**What needs to be done**
For this exercise, report every line of the material that includes "dotZr".
..........
(* A terminal run is a complete execution (f, X_1, ..., X_m) with f a
   bijection onto F^(d+1). Two deals producing it and sharing some hand give the same
   hyperplane V = F^(d+1) \ f[H_A]: for the hand of A this is immediate, and for a hand of
   B_k its image lies in both hyperplanes, whereas two distinct transversal hyperplanes
   meet in at most q^(d-1) points. Once V is known, H_A is determined, and since the
   shifted projection is injective on V, each X_k determines H_(B_k).

   The shears x |-> (pi x + t, x_(d+1) - t.pi x + s) act transitively on
   F^(d+1), map transversal hyperplanes to transversal hyperplanes and commute with the
   shifted projections. Conjugated by f, a shear moving f c to f c' becomes a relabelling
   of the cards that leaves the probability of every run unchanged, so
   Pr(c in H_P and rho) does not depend on c; summing over c yields tau_P Pr(rho). *)

From Pilot Require Import Defs.
From HB Require Import structures.
From mathcomp Require Import all_boot all_order all_algebra.
From mathcomp Require Import fingroup perm.
From mathcomp Require Import ring.
Set Implicit Arguments. Unset Strict Implicit. Unset Printing Implicit Defensive.
Import Order.TTheory GRing.Theory Num.Theory.

Local Open Scope ring_scope.

Section DotProduct.
Variables (R : comPzRingType) (n : nat).
Implicit Types u v w : 'rV[R]_n.

Definition dot u v : R := \sum_(i < n) u 0 i * v 0 i.

Lemma dotC u v : dot u v = dot v u.
Proof. by apply: eq_bigr => i _; rewrite mulrC. Qed.

Lemma dotDl u v w : dot (u + v) w = dot u w + dot v w.
Proof. by rewrite /dot -big_split; apply: eq_bigr => i _; rewrite mxE mulrDl. Qed.

Lemma dotDr u v w : dot u (v + w) = dot u v + dot u w.
Proof. by rewrite dotC dotDl !(dotC u). Qed.

Lemma dotNl u v : dot (- u) v = - dot u v.
Proof. by rewrite /dot -sumrN; apply: eq_bigr => i _; rewrite mxE mulNr. Qed.

Lemma dotNr u v : dot u (- v) = - dot u v.
Proof. by rewrite dotC dotNl dotC. Qed.

Lemma dotZr c u v : dot u (c *: v) = c * dot u v.
Proof. by rewrite /dot mulr_sumr; apply: eq_bigr => i _; rewrite mxE mulrCA. Qed.

Lemma dot0l v : dot 0 v = 0.
Proof. by rewrite /dot big1 // => i _; rewrite mxE mul0r. Qed.

Lemma dot0r u : dot u 0 = 0.
Proof. by rewrite dotC dot0l. Qed.

Lemma dot_delta u j : dot u (delta_mx 0 j) = u 0 j.
Proof.
rewrite /dot (bigD1 j) //= big1 ?addr0 => [|i /negbTE nji]; first by rewrite mxE !eqxx mulr1.
by rewrite mxE nji andbF mulr0.
Qed.

End DotProduct.

(* The level sets of a nonzero linear form are translates of its kernel. *)
Lemma card_dot_fiber (F : finFieldType) n (u : 'rV[F]_n) (c : F) : u != 0 ->
  (#|[set y : 'rV[F]_n | dot u y == c]| * #|F| = #|F| ^ n)%N.
Proof.
move=> u_neq0.
have [i ui_neq0] : exists i, u 0 i != 0.
  apply/existsP; apply: contraR u_neq0; rewrite negb_exists => /forallP u0.
  by apply/eqP/rowP => i; rewrite mxE; apply/eqP; rewrite -[_ == _]negbK u0.
pose e : 'rV[F]_n := (u 0 i)^-1 *: delta_mx 0 i.
have dot_ue : dot u e = 1 by rewrite dotZr dot_delta mulVf.
pose fiber c' := [set y : 'rV[F]_n | dot u y == c'].
have card_fiber c' : #|fiber c'| = #|fiber 0|.
  have -> : fiber c' = (fun y => y + c' *: e) @: fiber 0.
    rewrite (can_imset_pre _ (addrK (c' *: e))); apply/setP => y.
    by rewrite !inE dotDr dotNr dotZr dot_ue mulr1 subr_eq0.
  by rewrite card_imset //; apply: addIr.
rewrite card_fiber -[in RHS](mul1n n) -card_mx.
have -> : #|{: 'rV[F]_n}| = (\sum_(y : 'rV[F]_n) 1)%N by rewrite sum1_card.
rewrite (partition_big (dot u) predT) //= (eq_bigr (fun=> #|fiber 0|)).
  by rewrite sum_nat_const mulnC.
move=> c' _.
by rewrite -(card_fiber c') -sum1_card; apply: eq_bigl => y; rewrite inE.
Qed.

Lemma imset_setC (T : finType) (g : T -> T) (A : {set T}) :
  injective g -> g @: (~: A) = ~: (g @: A).
Proof.
move=> g_inj; apply/setP => x.
have /codomP [y ->] : x \in codom g by apply: inj_card_onto.
by rewrite mem_imset // !inE mem_imset.
Qed.

Lemma exists_inj_imset (T1 T2 : finType) (x0 : T2) (S : {set T1}) (U : {set T2}) :
  #|T1| = #|T2| -> #|S| = #|U| -> exists g : T1 -> T2, injective g /\ g @: S = U.
Proof.
move=> cardT cardSU.
pose s1 := enum S ++ enum (~: S); pose s2 := enum U ++ enum (~: U).
pose g c := nth x0 s2 (index c s1).
have s1_all c : c \in s1 by rewrite mem_cat !mem_enum inE orbN.
have size_s1 : size s1 = #|T1| by rewrite size_cat -!cardE cardsC.
have size_s2 : size s2 = #|T2| by rewrite size_cat -!cardE cardsC.
have s2_uniq : uniq s2.
  by rewrite cat_uniq !enum_uniq andbT; apply/hasPn => x; rewrite !mem_enum inE.
have g_inj : injective g.
  move=> c1 c2 /eqP; rewrite nth_uniq ?size_s2 -?cardT -?size_s1 ?index_mem // => /eqP eq_idx.
  by rewrite -(nth_index c1 (s1_all c1)) eq_idx nth_index.
exists g; split=> //; apply/eqP; rewrite eqEcard card_imset // cardSU leqnn andbT.
apply/subsetP => _ /imsetP [c Sc ->].
have idx_lt : (index c (enum S) < size (enum U))%N.
  by rewrite -cardE -cardSU cardE index_mem mem_enum.
by rewrite /g index_cat mem_enum Sc nth_cat idx_lt -(mem_enum (mem U)) mem_nth.
Qed.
..........
**Answer for this exercise**
Lemma dotZr c u v : dot u (c *: v) = c * dot u v.
have dot_ue : dot u e = 1 by rewrite dotZr dot_delta mulVf.
    by rewrite !inE dotDr dotNr dotZr dot_ue mulr1 subr_eq0.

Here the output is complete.